Consumer prices rose 0.46% from January to February. That was down from January's 0.57% rise, but above private forecasts of 0.35%. For the 12 months ended in February, prices increased 6.2%. That's even with the 6% rate for 2000, but above the central bank's 2001 target of 4%.
Several factors could lift the inflation rate. First, Brazil's economy may be stronger than expected for 2001. After jumping 6.6% in December, industrial production fell back by only 2.7% in January. Auto production has been particularly strong.
Second, the central bank is counting on falling oil prices to offset other price rises. But the recent production cuts announced by OPEC make it less certain that world energy costs will drop this year. In addition, Brazil lost 6% of its oil output capacity when the Petrobras oil platform exploded on Mar. 15. The platform fell into the sea on Mar 20.
Third, and perhaps most important, the Brazilian real has fallen to a two-year low on currency markets. Since the start of this year, the real has dropped 7.3% (chart). The central bank has intervened to stem the weakness, but with little success. If the real keeps falling, however, higher import prices could raise total inflation even more.
The real's weakness can be traced to Brazil's widening current account deficit, as well as the political woes in neighboring Argentina.

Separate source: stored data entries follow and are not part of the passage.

Lemma quad_rem2_scaled_bound n m : 1 <= b -> (m <= n.+1)%N ->
  (4 * b - a ^+ 2) * (be m / b ^+ n) ^+ 2 <= 4 * b.
Proof.
move=> b1 mn; have b0 : 0 < b by rewrite (lt_le_trans ltr01).
have bn1 : 1 <= b ^+ n by rewrite exprn_ege1.
rewrite expr_div_n mulrA ler_pdivrMr ?exprn_gt0 //.
apply: le_trans (quad_rem2_bound m) _; rewrite -mulrA ler_pM2l ?ltr0n //.
apply: le_trans (ler_weXn2l b1 mn) _; rewrite exprS ler_pM2l //.
by rewrite expr2 ler_peMr // (le_trans ler01).
Qed.

End QuadRemBounds.

Lemma sqr_geometric_small (R : realType) (b C D : R) (v : nat -> R) :
  0 < D -> `|b| < 1 -> (forall n, D * v n ^+ 2 <= C * b ^+ n) ->
  forall e, 0 < e -> \forall n \near \oo, `|v n| < e.
Proof.
move=> D0 b1 hv e e0; set eps := D * e ^+ 2 / (`|C| + 1).
have C1 : 0 < `|C| + 1 by rewrite ltr_wpDl.
have eps0 : 0 < eps by rewrite !divr_gt0 ?mulr_gt0 ?exprn_gt0.
have Ceps : `|C| * eps < D * e ^+ 2.
  by rewrite /eps mulrA ltr_pdivrMr // mulrC ltr_pM2l ?mulr_gt0 ?exprn_gt0 // ltrDl.
near=> n.
have bn : `|b ^+ n| < eps by near: n; exact: cvgr0_norm_lt (cvg_expr b1) _ eps0.
have Dvn : D * v n ^+ 2 < D * e ^+ 2.
  apply: le_lt_trans (hv n) (le_lt_trans (ler_norm _) _).
  rewrite normrM; apply: le_lt_trans _ Ceps.
  exact: (ler_wpM2l (normr_ge0 C) (ltW bn)).
rewrite ltr_pM2l // -real_normK ?num_real // in Dvn.
by have := normr_ge0 (v n); nra.
Unshelve. all: by end_near.
Qed.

Currency traders are worried that Argentina's new Economy Minister will not be able to turn around that country's economy, which has been in a recession for three years. Argentina is one of Brazil's major trading partners and a recovery there is essential if Brazil is to send more exports that way.
For now, Brazil's central bank is sticking with its inflation target of 4%. And while that goal still looks achievable, events outside of the bank's control could derail its best-laid plans.